[Stored data]
= Beginning of Section =

(* For any positive integer $k$, in $\mathfrak{h}^1_t[[u]]$, $$S_t\left(\frac{1}{1-z_ku}\right)\ast S_{1-t}\left(\frac{1}{1+z_ku}\right)=1$$ and $$S_{1-2t}\left(\frac{1}{1-z_ku}\right)\ast_t\frac{1}{1+z_ku}=1.$$
   Context: $t,u$ are commuting variables. $\mathfrak{h}_t=\mathbb{Q}[t]\langle x,y\rangle$ ($1$ = empty word), $\mathfrak{h}^1_t=\mathbb{Q}[t]+\mathfrak{h}_ty$, $z_k=x^{k-1}y$, and $\frac1{1\mp z_ku}=\sum_n(\pm1)^nz_k^nu^n$ (concatenation powers). For a parameter $s\in\mathbb{Q}[t]$, $\sigma_s$ is the algebra automorphism of $\mathfrak{h}_t$ with $\sigma_s(x)=x,\sigma_s(y)=sx+y$ and $S_s$ is the $\mathbb{Q}[t]$-linear map with $S_s(1)=1$, $S_s(wa)=\sigma_s(w)a$ for words $w$, letters $a$. For a word $w$, $\delta(w)=1$ if $w=1$, else $0$. The harmonic product $\ast$ on $\mathfrak{h}^1_t$ is the $\mathbb{Q}[t]$-bilinear product with $1\ast w=w\ast1=w$ and $z_kw_1\ast z_lw_2=z_k(w_1\ast z_lw_2)+z_l(z_kw_1\ast w_2)+z_{k+l}(w_1\ast w_2)$; the $t$-harmonic product $\ast_t$ is the $\mathbb{Q}[t]$-bilinear product with $1\ast_t w=w\ast_t1=w$ and $z_kw_1\ast_t z_lw_2=z_k(w_1\ast_t z_lw_2)+z_l(z_kw_1\ast_t w_2)+(1-2t)z_{k+l}(w_1\ast_t w_2)+[1-\delta(w_1)\delta(w_2)](t^2-t)x^{k+l}(w_1\ast_t w_2)$ (for words $w_1,w_2\in\mathfrak{h}^1_t$, $k,l\ge1$). Everything extends coefficientwise to power series in $u$. *)

From mathcomp Require Import all_boot all_order all_algebra.
Set Implicit Arguments. Unset Strict Implicit. Unset Printing Implicit Defensive.
Import GRing.Theory.
Local Open Scope ring_scope.

(* Coefficient ring Q[t]: polynomials over rat, t = 'X. *)
Notation Qt := {poly rat}.

Definition word := seq bool.
Notation lx := false.
Notation ly := true.

(* An element of h_t = Q[t]<x,y> is given as a finite formal Q[t]-linear
   combination of words; two such are equal in h_t iff all their word
   coefficients agree (see [coef]). *)
Definition ht := seq (Qt * word).

Definition coef (p : ht) (w : word) : Qt :=
  \sum_(c <- p) (if c.2 == w then c.1 else 0).

Definition hone : ht := [:: (1, [::])].
Definition hword (w : word) : ht := [:: (1, w)].
Definition hscale (c : Qt) (p : ht) : ht := [seq (c * a.1, a.2) | a <- p].
Definition hadd (p q : ht) : ht := p ++ q.

Definition hmul (p q : ht) : ht :=
  [seq (a.1 * b.1, a.2 ++ b.2) | a <- p, b <- q].

Definition zk (k : nat) : word := rcons (nseq k.-1 lx) ly.
Definition wpow (w : word) (n : nat) : word := flatten (nseq n w).

(* sigma_s : algebra automorphism with x |-> x, y |-> s x + y *)
Fixpoint sigma_word (s : Qt) (w : word) : ht :=
  match w with
  | [::] => hone
  | a :: w' =>
      hmul (if a then [:: (s, [:: lx]); (1, [:: ly])] else [:: (1, [:: lx])])
           (sigma_word s w')
  end.

(* S_s(1) = 1, S_s(w a) = sigma_s(w) a *)
Definition S_word (s : Qt) (w : word) : ht :=
  match rev w with
  | [::] => hone
  | a :: r => hmul (sigma_word s (rev r)) (hword [:: a])
  end.

Definition S_map (s : Qt) (p : ht) : ht :=
  flatten [seq hscale a.1 (S_word s a.2) | a <- p].

(* decomposition of a word of h^1 (ending in y, or empty) as z_{k1} ... z_{kr} *)
Fixpoint zdec_aux (c : nat) (w : word) : seq nat :=
  match w with
  | [::] => [::]
  | a :: w' => if a then c.+1 :: zdec_aux 0 w' else zdec_aux c.+1 w'
  end.
Definition zdec (w : word) : seq nat := zdec_aux 0 w.
Definition zword (ks : seq nat) : word := flatten [seq zk k | k <- ks].

(* Generic quasi-shuffle on index lists:
   z_k w1 * z_l w2 = z_k (w1 * z_l w2) + z_l (z_k w1 * w2)
                     + c z_{k+l} (w1 * w2)
                     + [1 - delta(w1) delta(w2)] d x^{k+l} (w1 * w2). *)
Fixpoint qsh (c d : Qt) (a : seq nat) : seq nat -> ht :=
  match a with
  | [::] => fun b => hword (zword b)
  | k :: a' =>
      fix qsh_b (b : seq nat) : ht :=
        match b with
        | [::] => hword (zword a)
        | l :: b' =>
            hadd (hmul (hword (zk k)) (qsh c d a' b))
           (hadd (hmul (hword (zk l)) (qsh_b b'))
           (hadd (hscale c (hmul (hword (zk (k + l))) (qsh c d a' b')))
                 (hscale (if (a' == [::]) && (b' == [::]) then 0 else d)
                         (hmul (hword (nseq (k + l) lx)) (qsh c d a' b')))))
        end
  end.
Lemma char_poly_conj (R : comUnitRingType) n (P A : 'M[R]_n) : P \in unitmx ->
  char_poly (invmx P *m A *m P) = char_poly A.
Proof.
move=> P_unit; rewrite /char_poly.
have -> : char_poly_mx (invmx P *m A *m P) =
    map_mx polyC (invmx P) *m char_poly_mx A *m map_mx polyC P.
  rewrite /char_poly_mx mulmxBr mulmxBl -!map_mxM; congr (_ - _).
  by rewrite -mulmxA -scalar_mxC mulmxA -map_mxM mulVmx // map_mx1 mul1mx.
rewrite !det_mulmx !det_map_mx mulrC mulrA -rmorphM.
by rewrite -det_mulmx mulmxV // det1 rmorph1 mul1r.
Qed.

Lemma char_poly_diag (R : comNzRingType) n (d : 'rV[R]_n) :
  char_poly (diag_mx d) = \prod_(x <- [seq d 0 i | i <- index_enum 'I_n]) ('X - x%:P).
Proof.
rewrite char_poly_trig ?diag_mx_is_trig // big_map.
by apply: eq_bigr => i _; rewrite mxE eqxx mulr1n.
Qed.

(* Any unitary diagonalisation lists the same eigenvalues as [spectral_diag A], up to
   order, since both come from the characteristic polynomial. *)
Lemma vN_entropy_unitary_diag n (A U : 'M[C]_n) (d : 'rV[C]_n) : U \is unitarymx ->
  A = invmx U *m diag_mx d *m U -> vN_entropy A = \sum_(i < n) Defs.eta (complex.Re (d 0 i)).
Proof.
move=> U_unitary A_def.
have A_normal : A \is normalmx by apply/orthomx_spectral_subproof; exists (U, d).
have spec_def := orthomx_spectralP A_normal.
have char_spec : char_poly A = char_poly (diag_mx (spectral_diag A)).
  by rewrite {1}spec_def char_poly_conj // spectral_unit.
have char_d : char_poly A = char_poly (diag_mx d).
  by rewrite A_def char_poly_conj // unitarymx_unit.
have := etrans (esym char_spec) char_d; rewrite !char_poly_diag => same_char.
rewrite /vN_entropy -(big_map (fun i => spectral_diag A 0 i) xpredT (fun x => Defs.eta (complex.Re x))).
by rewrite (perm_big _ (prod_XsubC_eq same_char)) big_map.
Qed.

Definition bell_mx : 'M[C]_(2 * 2) := \matrix_(i, k) bell k i 0.

Lemma bell_mx_unitary : adj bell_mx \is unitarymx.
Proof.
apply/unitarymxP; rewrite /adj trmxCK; apply/matrixP => k l.
rewrite !mxE sum_tens_index !sum2 !mxE !bell_entry !conj_real_complex -!rmorphM -!rmorphD.
rewrite -(@rmorph_nat _ _ (real_complex Real)); congr (_%:C).
rewrite !mul_inv_sqrt2.
case: k => [[|[|[|[|//]]]] Hk]; case: l => [[|[|[|[|//]]]] Hl]; rewrite /bell_coef /=.
all: rewrite ?mulr1n ?mulr0n; lra.
Qed.

Lemma vN_entropy_bell_diag p : vN_entropy (bell_diag p) = \sum_(k < 4) Defs.eta (p k).
Proof.
rewrite (@vN_entropy_unitary_diag _ _ (adj bell_mx) (\row_k (p k)%:C) bell_mx_unitary).
  by apply: eq_bigr => i _; rewrite mxE.
rewrite invmx_unitary ?bell_mx_unitary // /adj trmxCK.
apply/matrixP => i j; rewrite mul_mx_diag /bell_diag summxE !mxE.
apply: eq_bigr => k _; rewrite !mxE big_ord1 !mxE.
by rewrite mulrA [_ * (p k)%:C]mulrC.
Qed.

Lemma vN_entropy_scalar n (a : C) : vN_entropy (a%:M : 'M[C]_n) = Defs.eta (complex.Re a) *+ n.
Proof.
have id_unitary : (1%:M : 'M[C]_n) \is unitarymx.
  by apply/unitarymxP; rewrite trmx1 map_mx1 mulmx1.
rewrite (@vN_entropy_unitary_diag _ _ 1%:M (const_mx a) id_unitary); last first.
  by rewrite invmx1 mul1mx mulmx1; apply/matrixP => i j; rewrite !mxE.
by rewrite (eq_bigr (fun _ => Defs.eta (complex.Re a))) ?sumr_const ?card_ord // => i _; rewrite mxE.
Qed.

Lemma cond_entropy_bell_diag p : \sum_(k < 4) p k = 1 ->
  cond_entropy (bell_diag p) = Defs.eta (p k0) + Defs.eta (p k1) + Defs.eta (p k2) + Defs.eta (p k3) - 1.
Proof.
move=> p_sum; rewrite /cond_entropy vN_entropy_bell_diag ptraceA_bell_diag //.
have eta_half : Defs.eta 2^-1 = 2^-1 := RealBounds.eta_half.
by rewrite vN_entropy_scalar sum4 /= eta_half mulr2n; congr (_ - _); field.
Qed.

Definition obs_re (v : 'rV[Real]_3) (i j : 'I_2) : Real :=
  if i == j then (if i == 0 then v 0 2 else - v 0 2) else v 0 0.

Definition obs_im (v : 'rV[Real]_3) (i j : 'I_2) : Real :=
  if i == j then 0 else (if i == 0 then - v 0 1 else v 0 1).

Lemma obs_entry v i j : obs v i j = obs_re v i j +i* obs_im v i j.
Proof.
rewrite /obs /obs_re /obs_im !mxE.
case: i => [[|[|//]] Hi]; case: j => [[|[|//]] Hj] /=.
all: by apply/eqP; rewrite eq_complex /=; apply/andP; split; apply/eqP; ring.
Qed.

(* The correlation matrix [Tr(bell_diag p (sigma_i (x) sigma_j))] is
   [diag (corr_x p, corr_y p, corr_z p)]. *)
Definition corr_x (p : 'I_4 -> Real) := p k0 - p k1 + p k2 - p k3.
Definition corr_y (p : 'I_4 -> Real) := - p k0 + p k1 + p k2 - p k3.
Definition corr_z (p : 'I_4 -> Real) := p k0 + p k1 - p k2 - p k3.

Definition corr p (u w : 'rV[Real]_3) :=
  corr_x p * u 0 0 * w 0 0 + corr_y p * u 0 1 * w 0 1 + corr_z p * u 0 2 * w 0 2.

Lemma Re_trace_bell_diag_obs p u w :
  complex.Re (\tr (bell_diag p *m (obs u *t obs w))) = corr p u w.
Proof.
rewrite /mxtrace sum_tens_index; under eq_bigr do under eq_bigr do rewrite mxE sum_tens_index.
rewrite !sum2 !bell_diag_entry !tensmxE !obs_entry !sum4.
by rewrite /bell_coef /obs_re /obs_im /corr /corr_x /corr_y /corr_z /=; field.
Qed.

(* [chsh_omega] is elaborated with Stdlib's operations on [R] (the scope of its result
   type), which [RealsE] rewrites into MathComp's. *)
Lemma chsh_omega_bell_diag p a0 a1 b0 b1 :
  chsh_omega (bell_diag p) (obs a0) (obs a1) (obs b0) (obs b1) =
  1 / 2 + (corr p a0 b0 + corr p a0 b1 + corr p a1 b0 - corr p a1 b1) / 8.
Proof.
rewrite /chsh_omega !mulmxDr mulmxN !mxtraceD raddfN /= ReB !ReD.
by rewrite !Re_trace_bell_diag_obs !RealsE /=.
Qed.

Lemma chsh_rescale (omega beta : Real) : omega = 1 / 2 + beta / 8 ->
  3 / 4 <= omega <= (2 + Num.sqrt 2) / 4 ->
  let c := beta / (2 * Num.sqrt 2) in
  [/\ 0 < c, c <= 1, 1 / 2 - (2 * omega - 1) / Num.sqrt 2 = (1 - c) / 2
    & 2 * (c * c) = beta / 2 * (beta / 2)].
Proof.
move=> -> /andP[omega_ge omega_le] c.
have s_gt0 : 0 < Num.sqrt 2 :> Real by rewrite sqrtr_gt0.
have s_sq : Num.sqrt 2 * Num.sqrt 2 = 2 :> Real by rewrite -expr2 sqr_sqrtr ?ler0n.
have s_neq0 : Num.sqrt 2 != 0 :> Real by rewrite gt_eqF.
split; rewrite /c.
- by rewrite divr_gt0 ?mulr_gt0 //; lra.
- by rewrite ler_pdivrMr ?mulr_gt0 //; lra.
- by field.
- by rewrite mulf_div mulrACA s_sq; field.
Qed.

Lemma unit_vecE v : unit_vec v -> v 0 0 * v 0 0 + v 0 1 * v 0 1 + v 0 2 * v 0 2 = 1.
Proof. by rewrite /unit_vec sum3 !expr2. Qed.

Theorem lemma1 (p : 'I_4 -> Real) (a0 a1 b0 b1 : 'rV[Real]_3) :
  (forall k, 0 <= p k) -> \sum_(k < 4) p k = 1 ->
  unit_vec a0 -> unit_vec a1 -> unit_vec b0 -> unit_vec b1 ->
  let omega := chsh_omega (bell_diag p) (obs a0) (obs a1) (obs b0) (obs b1) in
  3 / 4 <= omega <= (2 + Num.sqrt 2) / 4 ->
  cond_entropy (bell_diag p) <=
    2 * hbin (1 / 2 - (2 * omega - 1) / Num.sqrt 2) - 1.
Proof.
move=> p_ge0 p_sum ua0 ua1 ub0 ub1 omega omega_bounds.
set beta := corr p a0 b0 + corr p a0 b1 + corr p a1 b0 - corr p a1 b1.
have [c_gt0 c_le1 -> c_sq] := chsh_rescale _ beta (chsh_omega_bell_diag p a0 a1 b0 b1) omega_bounds.
rewrite cond_entropy_bell_diag // lerD2r; apply/RleP.
(* Stdlib's and MathComp's operations on [R] are convertible, so the real bounds apply
   as they stand; only the order relations need the [RleP]/[RltP] views. *)
apply: (RealBounds.bell_eta_sum_le _ _ _ _ (corr_x p) (corr_y p) (corr_z p) _
  (beta / 2 * (beta / 2))) => //.
1-4: exact/RleP.
- by rewrite sum4 in p_sum.
- by split; [exact/RltP | exact/RleP].
- exact: RIneq.Req_le c_sq.
- exact: (RealBounds.chsh_sq_le (corr_x p) (corr_y p) (corr_z p)
    (a0 0 0) (a0 0 1) (a0 0 2) (a1 0 0) (a1 0 1) (a1 0 2)
    (b0 0 0) (b0 0 1) (b0 0 2) (b1 0 0) (b1 0 1) (b1 0 2) beta
    (unit_vecE _ ua0) (unit_vecE _ ua1) (unit_vecE _ ub0) (unit_vecE _ ub1) erefl).
Qed.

= End of Section =

- **DESCRIPTION OF THE TASK**:
Wherever the line holding "by rewrite vN_entropy_scalar" falls in the entries above, copy exactly from it through the line holding "if i == j then (if", inclusive, and add nothing.

- **PROBLEM SOLUTION**:
by rewrite vN_entropy_scalar sum4 /= eta_half mulr2n; congr (_ - _); field.
Qed.

Definition obs_re (v : 'rV[Real]_3) (i j : 'I_2) : Real :=
  if i == j then (if i == 0 then v 0 2 else - v 0 2) else v 0 0.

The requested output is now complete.